My biggest relief was that they arrived totally unharmed. They survived the 2 hour car trip! Yay! I practically skipped them to the fridge when we arrived and unboxed the cake boxes from their extra sturdy car packaging which was a giant eski and moving tub and lots of beach towels to secure them in. These puppies did not budge! The party-ing could now happen, the cakes had made it and so had we. Bring on the wine and dancing and friends and the big potato and celebrations and love and open fires and bunting and just a really really beautiful weekend celebrating the special couple and love. All the love.

I was pretty proud of them all dressed up with their flower crowns on, looking dashing. I think all three were delicious and I think I think others did too... unless everyone was just being very nice or I'd had too much wine... it could also be a combo of both.

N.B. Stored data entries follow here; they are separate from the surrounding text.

Theorem mainTheorem3 (R : realType) (n d B : nat)
  (chi phi : 'I_(2 ^ n) -> 'cV[R[i]]_(2 ^ n)) (theta : 'I_(2 ^ n) -> R)
  (f : 'I_2 -> 'I_(2 ^ n) -> 'I_d -> 'I_(2 ^ n))
  (k : 'I_(2 ^ n) -> 'I_(2 ^ n) -> nat) :
  (0 < n)%N -> (0 < d)%N -> (0 < B)%N ->
  orthonormal_fam chi -> orthonormal_fam phi ->
  (forall j, (#|[set q | cinner (phi q) (chi j) != 0%R]| <= d)%N) ->
  (forall q, (#|[set j | cinner (phi q) (chi j) != 0%R]| <= d)%N) ->
  (forall j, padded_list (fun q => cinner (phi q) (chi j) != 0%R) (f side0 j)) ->
  (forall q, padded_list (fun j => cinner (phi q) (chi j) != 0%R) (f side1 q)) ->
  (forall j q, (k j q <= 2 ^ B)%N /\
     `|(2 ^ B)%:R * cabs (cinner (phi q) (chi j)) - (k j q)%:R| <= 1 :> R) ->
  let ip q j := cinner (phi q) (chi j) in
  let inV (c1 c2 : 'I_d) (j : 'I_(2 ^ n)) :=
    [exists q, [&& ip q j != 0%R, f side0 j c1 == q & f side1 q c2 == j]] in
  let g (j : 'I_(2 ^ n)) (c1 : 'I_d) (b : nat) : R[i] :=
    if (b < k j (f side0 j c1))%N then 1 else (-1) ^+ b in
  let A : 'M[R[i]]_(2 ^ n) :=
    \sum_(j < 2 ^ n) \sum_(q < 2 ^ n)
       (ip q j * expi (- theta j)) *: delta_mx q j in
  let A' : 'M[R[i]]_(2 ^ n) :=
    \sum_(c1 < d) \sum_(c2 < d) \sum_(j < 2 ^ n | inV c1 c2 j)
       ((2 ^ B)%:R^-1 * (\sum_(b < 2 ^ B) g j c1 b)
         * (phase (ip (f side0 j c1) j) * expi (- theta j)))
         *: delta_mx (f side0 j c1) j in
  specnorm (A' - A) <= 2 * (d ^ 2)%:R / (2 ^ B)%:R.
Proof.
(* The [let]s of the statement sit under [is_true], so they are unfolded rather than introduced. *)
move=> _ d_gt0 _ _ _ deg0 deg1 pad0 pad1 round; cbv zeta.
pose ip q j := cinner (phi q) (chi j).
pose E : rel 'I_(2 ^ n) := fun q j => ip q j != 0.
pose G q j := (2 ^ B)%:R^-1 * padded_sign_sum (2 ^ B) (k j q) * (phase (ip q j) * expi (- theta j)).
have AE : \sum_(j < 2 ^ n) \sum_(q < 2 ^ n) (ip q j * expi (- theta j)) *: delta_mx q j
    = \matrix_(q, j) (ip q j * expi (- theta j)).
  rewrite [RHS]matrix_sum_delta exchange_big.
  by apply: eq_bigr => j _; apply: eq_bigr => q _; rewrite mxE.
rewrite AE.
change (specnorm (coloured_mx E (f side0) (f side1) G - \matrix_(q, j) (ip q j * expi (- theta j)))
  <= 2 * (d ^ 2)%:R / (2 ^ B)%:R).
set D := (_ - _ : 'M_(2 ^ n)).
pose e : R := 2 / (2 ^ B)%:R.
have e_ge0 : 0 <= e by rewrite divr_ge0 ?ler0n.
have DE q j : D q j = if E q j then G q j - ip q j * expi (- theta j) else 0.
  rewrite !mxE coloured_mxE //; case: ifP => // /negbFE/eqP ->.
  by rewrite mul0r subrr.
have D_le q j : `|D q j| <= (e%:C)%C.
  rewrite DE; case: ifP => _; last by rewrite normr0 ler0c.
  rewrite /G mulrA -mulrBl normrM norm_expi mulr1.
  have [k_le round_k] := round j q.
  by apply: padded_sign_sum_phase_approx; rewrite ?expn_gt0.
have D_supp q j : ~~ E q j -> D q j = 0 by move=> /negbTE nE; rewrite DE nE.
apply: le_trans (specnorm_sparse_le e_ge0 D_le D_supp deg1 deg0) _.
rewrite /e mulrA [d%:R * 2]mulrC ler_wpM2r ?invr_ge0 ?ler0n // ler_wpM2l // ler_nat.
by rewrite -mulnn leq_pmulr.
Qed.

Anyway, thought I'd share the carrot cake recipes I used here. Sorry no pics on the inside of the cake... I'd had too much fun and wine at this point in the night to even think of taking a photo of the cut cake for my lovely reader. Selfish, I know. You'll just have to make it find our for your self.


Carrot Cake

makes one 20-cm round cake (using two 20-cm round cake tins)
Recipe adapted from What to Bake and How to Bake it by Jane Hornby.
*For the wedding cake pictured, I tripled the recipe and used two 30cm round cake tins.

100g walnuts
200ml vegetable oil, plus extra for greasing
250g plain flour
2 teaspoon baking powder
1/2 teaspoon baking soda
2 teaspoon mixed spice
1/2 teaspoon salt
200g light brown soft sugar
1 orange
3 eggs
250g carrots, peeled and coarsely grated (roughly 300g whole carrots)

Preheat your oven to 180C (160C fan forced). Spread the nuts over a baking tray and cook for 8-10 minutes, or until golden and toasty (you can normally smell this). Cool, then roughly chop. Toasting the nuts will give an extra depth of flavour to the cake but if you are in a hurry, just chop the nuts and use as is.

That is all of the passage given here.